Friday 17 April 2009

Electric cars are not the answer - yet

It must be my week to bash environmental ideas. Yesterday's announcement by the Government for grants of up to £5,000 for people to buy electric and plug-in hybrid cars from 2011 will do precisely nothing to curb the UK's carbon emissions.

Well, not quite precisely nothing. Road transport currently accounts for about 21% of the UK's carbon emissions. The £250m the Government announced yesterday is aimed at trebling the number of electric cars on the road, which sounds impressive until you realise that they would still only account for 0.3% of vehicles.
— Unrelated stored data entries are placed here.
(* Let $C_1, \ldots, C_m$ be the strongly connected components of the regulation graph $(A, \mathrm{reg})$, listed in a topological ordering of its strongly-connected-component quotient graph (i.e. whenever some agent of $C_i$ regulates some agent of $C_j$ with $i \neq j$, then $i < j$). Then $(C_1, \ldots, C_m)$ is a modular organisation.
   Context: Let $A$ be a finite set of agents. For each $a \in A$ let $S_a$ be a nonempty finite set, and let $S = \prod_{a \in A} S_a$ be the set of states; for $s \in S$ and $X \subseteq A$, $s|_X$ is the restriction of $s$ to $X$ (extended elementwise to sets). For each $a \in A$ let $\to_a \subseteq S \times S$ be a relation that is either empty or left-total, such that whenever $s \to_a s'$, either $s = s'$ or $s$ and $s'$ differ only in the $a$-component. For $X \subseteq A$ let $\to_X = \bigcup_{a \in X} \to_a$ (so $\to_\emptyset$ is empty) and $\to_X^*$ its reflexive-transitive closure; for $T \subseteq S$, $(T \to_X) = \{ t' : \exists t \in T,\ t \to_X t'\}$. Orbit operator: $\Omega_X(S') = \{ s' : \exists s \in S',\ s \to_X^* s'\}$. Equilibria operator: $\Psi_X(S') = \{ s \in \Omega_X(S') : \forall s' \in S,\ s \to_X^* s' \implies s' \to_X^* s \}$. $M$-relation: for $X, Y \subseteq A$, $X \leadsto Y$ iff for every $S' \subseteq S$, with $T = \Psi_X(\Psi_{X \cup Y}(S'))$, one has $(T \to_Y) \subseteq T$. Regulation: $a_k$ regulates $a_\ell$ (written $a_k \,\mathrm{reg}\, a_\ell$) iff there exist $s, s' \in S$ with $s|_{A \setminus \{a_k\}} = s'|_{A \setminus \{a_k\}}$ and $(\{s\} \to_{a_\ell})|_{\{a_\ell\}} \neq (\{s'\} \to_{a_\ell})|_{\{a_\ell\}}$; the regulation graph is the directed graph $(A, \mathrm{reg})$. A modular organisation is an ordered partition $(X_1, \ldots, X_m)$ of $A$ (a sequence of nonempty pairwise disjoint subsets with union $A$) such that for all $1 \le i \le m$, $\left(\bigcup_{j=1}^{i-1} X_j\right) \leadsto X_i$. *)

From mathcomp Require Import all_boot.
Set Implicit Arguments. Unset Strict Implicit. Unset Printing Implicit Defensive.

Section Defs.
Variables (A : finType) (S : A -> finType).

Definition state := {dffun forall a : A, S a}.

Variable step : forall a : A, rel state.

Definition empty_or_total (a : A) : Prop :=
  (forall s s', ~~ step a s s') \/ (forall s, exists s', step a s s').
Definition local_step (a : A) : Prop :=
  forall s s', step a s s' -> s = s' \/ (forall b, b != a -> s b = s' b).

Definition stepX (X : {set A}) : rel state :=
  fun s t => [exists a in X, step a s t].
Definition reachX (X : {set A}) : rel state := connect (stepX X).

Definition Omega (X : {set A}) (S' : {set state}) : {set state} :=
  [set t | [exists s in S', reachX X s t]].

Definition Psi (X : {set A}) (S' : {set state}) : {set state} :=
  [set s in Omega X S' | [forall t, reachX X s t ==> reachX X t s]].

Definition Mrel (X Y : {set A}) : Prop :=
  forall S' : {set state},
    let T := Psi X (Psi (X :|: Y) S') in
    forall t t', t \in T -> stepX Y t t' -> t' \in T.

Definition succ_proj (l : A) (s : state) : {set S l} :=
  [set (t : state) l | t in [set t | step l s t]].

Definition reg (k l : A) : bool :=
  [exists s : state, exists s' : state,
     [forall b, (b != k) ==> (s b == s' b)] && (succ_proj l s != succ_proj l s')].

Definition scc (x : A) : {set A} := [set y | connect reg x y && connect reg y x].
Definition is_scc (C : {set A}) : Prop := exists2 x, x \in C & C = scc x.

Definition prefix_union (Xs : seq {set A}) (i : nat) : {set A} :=
  \bigcup_(j < i) nth set0 Xs j.

Definition ordered_partition (Xs : seq {set A}) : Prop :=
  [/\ forall X, X \in Xs -> X != set0,
      forall i j, i < j < size Xs -> [disjoint nth set0 Xs i & nth set0 Xs j]
    & forall a : A, exists2 X, X \in Xs & a \in X].

Definition modular_organisation (Xs : seq {set A}) : Prop :=
  ordered_partition Xs /\
  forall i, i < size Xs -> Mrel (prefix_union Xs i) (nth set0 Xs i).

End Defs.

From mathcomp Require Import all_boot.
Set Implicit Arguments. Unset Strict Implicit. Unset Printing Implicit Defensive.

(* If X contains all regulators of its members, the possible a-successors of a
   state, for a in X, depend only on its X-components.  Hence the X-dynamics can
   be transported to any state by grafting X-components, so being an
   X-equilibrium depends only on the X-components of a state.  A Y-step with Y
   disjoint from X leaves the X-components unchanged, so it maps the X-equilibria
   of Psi_{X u Y}(S') to X-equilibria of the same set: X ~> Y.  For a topological
   ordering of the strongly connected components, every prefix union is closed
   under regulators and disjoint from the next component. *)

Section ConnectTransport.
Variable T : finType.

Lemma connect_homo (e e' : rel T) (f : T -> T) :
  (forall x y, e x y -> e' (f x) (f y)) ->
  forall x y, connect e x y -> connect e' (f x) (f y).
Proof.
move=> fe x y /connectP [p xp ->]; elim: p x xp => [|z p IHp] x /=.
  by rewrite connect0.
by case/andP=> /fe exz /IHp; apply: connect_trans; apply: connect1.
Qed.

Lemma connect_invariant (T' : Type) (e : rel T) (k : T -> T') :
  (forall x y, e x y -> k x = k y) -> forall x y, connect e x y -> k x = k y.
Proof.
move=> ke x y /connectP [p xp ->]; elim: p x xp => [|z p IHp] x //=.
by case/andP=> /ke -> /IHp.
Qed.

End ConnectTransport.

Section Dynamics.
Variables (A : finType) (S : A -> finType) (step : forall a : A, rel (state S)).
Hypothesis step_local : forall a, local_step step a.

Definition upstream_closed (X : {set A}) : Prop :=
  forall k l, l \in X -> reg step k l -> k \in X.

Definition equilibrium (X : {set A}) (s : state S) : Prop :=
  forall u, reachX step X s u -> reachX step X u s.

Definition graft (X : {set A}) (w u : state S) : state S :=
  [ffun c => if c \in X then u c else w c].

Lemma step_other (a : A) (s u : state S) b :
  step a s u -> b != a -> s b = u b.
Proof. by case/step_local=> [-> //|]; apply. Qed.

Lemma reachX_out (X : {set A}) (s u : state S) c :
  reachX step X s u -> c \notin X -> s c = u c.
Proof.
move=> su cX; apply: (connect_invariant (k := fun s : state S => s c)) su.
move=> x y /existsP [a /andP [aX xy]]; apply: step_other xy _.
by apply: contraNneq cX => ->.
Qed.

Lemma reachX_subset (X Z : {set A}) (s u : state S) :
  X \subset Z -> reachX step X s u -> reachX step Z s u.
Proof.
move=> sXZ; apply: connect_sub => x y /existsP [a /andP [aX xy]].
by apply: connect1; apply/existsP; exists a; rewrite (subsetP sXZ).
Qed.

Lemma succ_proj_nonreg (k l : A) (s s' : state S) :
  ~~ reg step k l -> (forall b, b != k -> s b = s' b) ->
  succ_proj step l s = succ_proj step l s'.
Proof.
move=> /existsPn /(_ s) /existsPn /(_ s'); rewrite negb_and negbK => /orP [|/eqP //].
by case/forallPn=> b; rewrite negb_imply => /andP [bk /eqP sb] /(_ b bk).
Qed.

(* Induction on the number of components where [s] and [s'] differ; each one is
   outside X, hence does not regulate [l]. *)
Lemma succ_proj_upstream (X : {set A}) (l : A) (s s' : state S) :
  upstream_closed X -> l \in X -> (forall c, c \in X -> s c = s' c) ->
  succ_proj step l s = succ_proj step l s'.
Proof.
move=> Xup lX; move Hn: #|[set c | s c != s' c]| => n.
elim: n s Hn => [|n IHn] s Hn sX.
  congr succ_proj; apply/ffunP => c; apply/eqP; apply: contraFT (in_set0 c) => scs.
  by rewrite -(cards0_eq Hn) inE.
have /card_gt0P [b] : 0 < #|[set c | s c != s' c]| by rewrite Hn.
rewrite inE => sbs; have bX : b \notin X by apply: contra sbs => /sX ->.
pose s1 : state S := [ffun c => if c == b then s' c else s c].
transitivity (succ_proj step l s1).
  apply: succ_proj_nonreg => [|c cb]; last by rewrite ffunE (negbTE cb).
  by apply: contra bX; apply: Xup.
apply: IHn => [|c cX]; last by rewrite ffunE; case: ifP => // _; apply: sX.
have -> : [set c | s1 c != s' c] = [set c | s c != s' c] :\ b.
  by apply/setP => c; rewrite !inE ffunE; case: (eqVneq c b) => [->|]; rewrite ?eqxx.
by move: (cardsD1 b [set c | s c != s' c]); rewrite inE sbs Hn add1n => -[].
Qed.

Lemma step_graft (X : {set A}) (w : state S) (a : A) (s u : state S) :
  upstream_closed X -> a \in X -> step a s u -> step a (graft X w s) (graft X w u).
Proof.
move=> Xup aX su.
have : u a \in succ_proj step a (graft X w s).
  rewrite (@succ_proj_upstream X a _ s) => [|||c cX]; rewrite ?ffunE ?cX //.
  by apply/imsetP; exists u; rewrite ?inE.
case/imsetP=> v; rewrite inE => sv uav; suff -> : graft X w u = v by [].
apply/ffunP => c; rewrite ffunE; have [->|ca] := eqVneq c a; first by rewrite aX.
rewrite -(step_other sv ca) ffunE; case: ifP => // _; exact: esym (step_other su ca).
Qed.

Lemma reachX_graft (X : {set A}) (w s u : state S) :
  upstream_closed X -> reachX step X s u -> reachX step X (graft X w s) (graft X w u).
Proof.
move=> Xup; apply: connect_homo => x y /existsP [a /andP [aX xy]].
by apply/existsP; exists a; rewrite aX (step_graft w Xup).
Qed.

Lemma graft_id (X : {set A}) (w u : state S) :
  (forall c, c \in X -> u c = w c) -> graft X w u = w.
Proof. by move=> uw; apply/ffunP => c; rewrite ffunE; case: ifP => // /uw. Qed.

Lemma equilibrium_transfer (X : {set A}) (t t' : state S) :
  upstream_closed X -> (forall c, c \in X -> t c = t' c) ->
  equilibrium X t -> equilibrium X t'.
Proof.
move=> Xup tt' teq u t'u.
have /teq ut : reachX step X t (graft X t u).
  by move: (reachX_graft t Xup t'u); rewrite graft_id // => c /tt'.
move: (reachX_graft t' Xup ut); rewrite (@graft_id X t' t) //.
suff -> : graft X t' (graft X t u) = u by [].
apply/ffunP => c; rewrite !ffunE; case: ifP => cX; rewrite ?cX //.
exact: reachX_out t'u (negbT cX).
Qed.

Lemma mem_PsiP (X : {set A}) (S' : {set state S}) (s : state S) :
  reflect (s \in Omega step X S' /\ equilibrium X s) (s \in Psi step X S').
Proof.
rewrite [in R in reflect _ R]inE; apply: (iffP andP) => -[sO seq]; split=> //.
  by move=> u; apply/implyP; move/forallP: seq.
by apply/forallP => u; apply/implyP; apply: seq.
Qed.

Lemma Psi_reach_closed (X : {set A}) (S' : {set state S}) (s u : state S) :
  s \in Psi step X S' -> reachX step X s u -> u \in Psi step X S'.
Proof.
case/mem_PsiP=> sO seq su; apply/mem_PsiP; split.
  move: sO; rewrite !inE => /existsP [s0 /andP [s0S s0s]].
  by apply/existsP; exists s0; rewrite s0S; apply: connect_trans s0s su.
by move=> v uv; apply: connect_trans (seq v (connect_trans su uv)) su.
Qed.

(* The X-equilibria of P := Psi_{X u Y}(S') are kept by a Y-step because the
   step stays inside P and leaves the X-components unchanged. *)
Lemma Mrel_upstream_closed (X Y : {set A}) :
  upstream_closed X -> [disjoint X & Y] -> Mrel step X Y.
Proof.
move=> Xup XY S' /= t t' /mem_PsiP [tO teq] /existsP [a /andP [aY tt']].
set P := Psi step (X :|: Y) S'.
have tP : t \in P.
  move: tO; rewrite inE => /existsP [s /andP [sP st]].
  exact: Psi_reach_closed sP (reachX_subset (subsetUl X Y) st).
have t'P : t' \in P.
  apply: Psi_reach_closed tP (connect1 _); apply/existsP; exists a.
  by rewrite inE aY orbT.
apply/mem_PsiP; split.
  by rewrite inE; apply/existsP; exists t'; rewrite t'P; apply: connect0.
apply: equilibrium_transfer teq => // c cX.
by apply: step_other tt' _; apply: contraTneq cX => ->; rewrite (disjointFl XY).
Qed.

End Dynamics.

Section TopologicalOrder.
Variables (A : finType) (S : A -> finType) (step : forall a : A, rel (state S)).

Lemma scc_refl (x : A) : x \in scc step x.
Proof. by rewrite inE connect0. Qed.

Lemma scc_eq (x z : A) : z \in scc step x -> scc step z = scc step x.
Proof.
rewrite inE => /andP [xz zx]; apply/setP => y; rewrite !inE.
apply/andP/andP => [[zy yz]|[xy yx]]; split.
- exact: connect_trans xz zy.
- exact: connect_trans yz zx.
- exact: connect_trans zx xy.
- exact: connect_trans yx xz.
Qed.

Lemma is_scc_disjoint (C D : {set A}) :
  is_scc step C -> is_scc step D -> C != D -> [disjoint C & D].
Proof.
move=> [x xC ->] [y yD ->]; apply: contraNT => /pred0Pn [z /andP [zx zy]].
by rewrite -(scc_eq zx) -(scc_eq zy).
Qed.

Variable Cs : seq {set A}.
Hypothesis Cs_uniq : uniq Cs.
Hypothesis Cs_scc : forall C, C \in Cs -> is_scc step C.
Hypothesis Cs_cover : forall x : A, scc step x \in Cs.
Hypothesis Cs_topo : forall i j k l, i < size Cs -> j < size Cs ->
  k \in nth set0 Cs i -> l \in nth set0 Cs j -> reg step k l -> i != j -> i < j.

Lemma nth_scc_disjoint (i j : nat) :
  i < j < size Cs -> [disjoint nth set0 Cs i & nth set0 Cs j].
Proof.
case/andP=> ij js; have iCs := ltn_trans ij js.
apply: is_scc_disjoint; [exact/Cs_scc/mem_nth | exact/Cs_scc/mem_nth |].
by rewrite nth_uniq // neq_ltn ij.
Qed.

Lemma prefix_union_upstream_closed (i : nat) :
  i <= size Cs -> upstream_closed step (prefix_union Cs i).
Proof.
move=> isz k l /bigcupP [j _ lj] kl.
have js : j < size Cs := leq_trans (ltn_ord j) isz.
have ms : index (scc step k) Cs < size Cs by rewrite index_mem.
have km : k \in nth set0 Cs (index (scc step k) Cs) by rewrite nth_index ?scc_refl.
have mi : index (scc step k) Cs < i.
  have [->|mj] := eqVneq (index (scc step k) Cs) j; first exact: ltn_ord.
  exact: ltn_trans (Cs_topo ms js km lj kl mj) (ltn_ord j).
by apply/bigcupP; exists (Ordinal mi).
Qed.

Lemma prefix_union_disjoint (i : nat) :
  i < size Cs -> [disjoint prefix_union Cs i & nth set0 Cs i].
Proof.
move=> isz; rewrite disjoint_sym; apply: bigcup_disjoint => j _.
by rewrite disjoint_sym nth_scc_disjoint // ltn_ord.
Qed.

End TopologicalOrder.

Theorem theorem1 (A : finType) (S : A -> finType)
  (step : forall a : A, rel (state S))
  (HS : forall a, 0 < #|S a|)
  (Hstep1 : forall a, empty_or_total step a)
  (Hstep2 : forall a, local_step step a)
  (Cs : seq {set A})
  (Huniq : uniq Cs)
  (Hscc : forall C, C \in Cs -> is_scc step C)
  (Hcover : forall x : A, scc step x \in Cs)
  (Htopo : forall i j k l, i < size Cs -> j < size Cs ->
      k \in nth set0 Cs i -> l \in nth set0 Cs j ->
      reg step k l -> i != j -> i < j) :
  modular_organisation step Cs.
Proof.
split; first split.
- by move=> C /Hscc [x xC _]; apply/set0Pn; exists x.
- exact: nth_scc_disjoint Huniq Hscc.
- by move=> a; exists (scc step a); [exact: Hcover | exact: scc_refl].
move=> i isz; apply: Mrel_upstream_closed => //.
- exact (prefix_union_upstream_closed Hcover Htopo (ltnW isz)).
- exact (prefix_union_disjoint Huniq Hscc isz).
Qed.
If you do the maths, that means the increase in electric vehicles will get rid of approximately 0.063% of the UK's carbon emissions (actually slightly less than that, as the production and recharging of electric cars would still produce a certain amount of carbon emissions).

I would gently suggest that this is utterly irrelevant. I suspect it would be far more effective to encourage people to convert from gas guzzling cars to more fuel efficient motors, such as the Fiat Panda diesel that I drive.

And another reason why the £250m the Government's spending on this is going to be wasted is that electric cars are not yet at the stage where they are a reliable enough form of motoring for most people. Most electric cars have a fairly limited range and take a significant amount of time to recharge the batteries. Until electric cars have a range of about 200 miles and take about half an hour to recharge their batteries (ie the amount of time many motorists would spend in a motorway service station), I suspect I, like 99.7% of motorists, will not be interested in buying one.

The £250m would be far better spent on helping manufacturers improve battery technology substantially rather than being used to subsidise the purchase of the inadequate electric cars we have at the moment. Yesterday's announcement was far more about the Government wanting to be seen to be green than about any practical action to reduce carbon emissions from road transport.

1 comment:

Political Dissuasion said...

Thank you!!!

I've said it before, and I'll say it again...these are not "green" policies. The may be slightly greener than the olden days, but the impact will be minimal!

There are new electric cars in America that have been developed (and are out, on sale, not just concept cars) which are fuelled by hydrogen, which in tuen powers the battery - tihs only emits steam. Steam = water. THIS is an environmental technology. Throwing money at a still dirty UK car industry to keep the unions happy and try to fake a green policy-drive is a laughable, joke of an appraoch by Brown.